Since Anil, besides being a powerful industrialist, is a member of Parliament, Patil ordered an immediate inquiry.

 

It made little headway. In fact, the probe did not conclusively say whether his phone was tapped or not.

 

But private investigations by Anil's trusted lieutenants threw up interesting facts that prove how easy it might be to snoop on GSM cellular phones.

 

And how hard it might be for the authorities to clamp down on people tapping cellular phones.

 

It seems anyone willing to fork out about Rs 25 lakh can acquire a small electronic device not bigger than a personal computer and set himself up as a private detective.

 

An Israeli firm manufacturing this contraption hawks it on its Internet site.

 

Called the private GSM interception system, it 'is intended for search, interception and research of cellular signals on GSM, stationary or mobile phones.'

 

Though the normal monitoring range is within a 15 kilometre radius, it can be enhanced with the aid of directional antenna, which cost extra.

 

Colourless Holi

 

Delhi is a heartless, nay cruel, city.

 

With the change of guard in South Block, it overnight dumps the old power structure.

 

This Holi, it was obvious to even the most casual of observers.

 

At the sprawling bungalows of former prime minister Atal Bihari Vajpayee and his deputy Lal Kishenchand Advani, the usual suspects -- who had become a fixture when the two were in government -- were missing.

 

This was Vajpayee and Advani's first Holi in the Opposition.

 

Barring

the odd party faithful, there was hardly anyone celebrating with them.

 

A senior scribe who visited their houses before that of Rajiv Shukla, a journalist-turned-politician, on Holi, could not help notice the sharp contrast.

 

There was great fanfare and several times more revelers at the house of the popular Congress member of the Rajya Sabha than at the houses of the two seniormost BJP leaders.

 

You pay, the babus pray

 

Sri Sri Ravi Shankar, the guru of the rich and the famous, has stolen a march over all his peers dispensing spiritual healing to troubled souls from Kanpur to Kosovo.

 

Unknown to many, Shankar's Art of Living Foundation seems to have managed official sanction.
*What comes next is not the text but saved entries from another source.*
(* Let $n\ge 0$ and $\mathbf{x}\in\mathbb{R}^{n+1}$ with $0\le\mathbf{x}_0<\mathbf{x}_1<\dots<\mathbf{x}_n\le 1$. Define the $(n+1)\times(n+1)$ matrices (indices $0\le i,j\le n$) $$H^n_{ij}=\binom{n+1}{i+j+1},\qquad \widetilde H^n_{ij}(\mathbf{x})=\sum_{k=0}^{i+j+1}(-1)^{n-k+1}\binom{n-k+1}{n-i-j}\sigma_{n-k+1}(\mathbf{x}),$$ $$T^n_{ij}=\binom{n+1}{j-i},\qquad \widetilde T^n_{ij}(\mathbf{x})=\sum_{k=0}^{j-i}(-1)^{n-k+1}\binom{n-k+1}{j-i-k}\sigma_{n-k+1}(\mathbf{x}),$$ $$D^n(\mathbf{x})=\mathrm{diag}\Big(\prod_{i\in\{0,\dots,n\}\setminus\{j\}}(\mathbf{x}_j-\mathbf{x}_i)\Big)_{j=0}^n,\qquad \Delta^n=\mathrm{diag}\Big(\binom{n}{j}\Big)_{j=0}^n,$$ and $\widetilde V^n_{ij}(\mathbf{x})=\mathbf{x}_i^j(1-\mathbf{x}_i)^{n-j}$. Then $$(V^n(\mathbf{x}))^{-1}=(\Delta^n)^{-1}\big[\widetilde H^n(\mathbf{x})T^n-H^n\widetilde T^n(\mathbf{x})\big](\widetilde V^n(\mathbf{x}))^T(D^n(\mathbf{x}))^{-1}.$$
   Context: $V^n(\mathbf{x})$ is the Bernstein–Vandermonde matrix with entries $V^n_{ij}(\mathbf{x})=B^n_j(\mathbf{x}_i)$, where $B^n_j(x)=\binom{n}{j}x^j(1-x)^{n-j}$. $\sigma_k(\mathbf{x})$ is the $k$-th elementary symmetric function of $\mathbf{x}_0,\dots,\mathbf{x}_n$: $\sigma_0=1$ and $\sigma_k(\mathbf{x})=\sum_{0\le i_0<\dots<i_{k-1}\le n}\mathbf{x}_{i_0}\cdots\mathbf{x}_{i_{k-1}}$ for $1\le k\le n+1$. Conventions: $\binom{a}{b}=0$ if $b<0$ or $b>a$ (in particular $T^n,\widetilde T^n$ are upper triangular, and empty sums are $0$); $0^0=1$. *)

From HB Require Import structures.
From mathcomp Require Import all_boot all_order all_algebra.
Set Implicit Arguments. Unset Strict Implicit. Unset Printing Implicit Defensive.
Import Order.TTheory GRing.Theory Num.Theory.
Local Open Scope ring_scope.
Central government employees are encouraged to attend its courses and activities while taxpayers pick up the tab.

 

The government pays for 90 percent of the expenses for babus attending spiritual courses organised by the Foundation. Participants are expected to pay the remaining 10 percent.

 

And, the babus are allowed to participate in the courses on government time.

 

The circular to the above effect was issued by the Vajpayee government, but is still in place.

 

Makes you wonder why the self-avowedly secular State should get into spiritual healing, meditation, discourses, etc -- and why Sri Sri alone.

 

Bungling BJP

 

If you lend your ears to the buzz in the higher echelons of the Congress, at least three high-profile ministers in the Vajpayee government are knocking at their door for admittance.

 

Most surprisingly among the three is an old Rashtriya Swayamsevak Sangh-Jana Sangh-BJP veteran who has been sulking ever since the party leadership marginalised him.

 

Whether the former ministers will leave the BJP or not is still not certain, but that they are toying with the idea should tell you how bad things are in the BJP.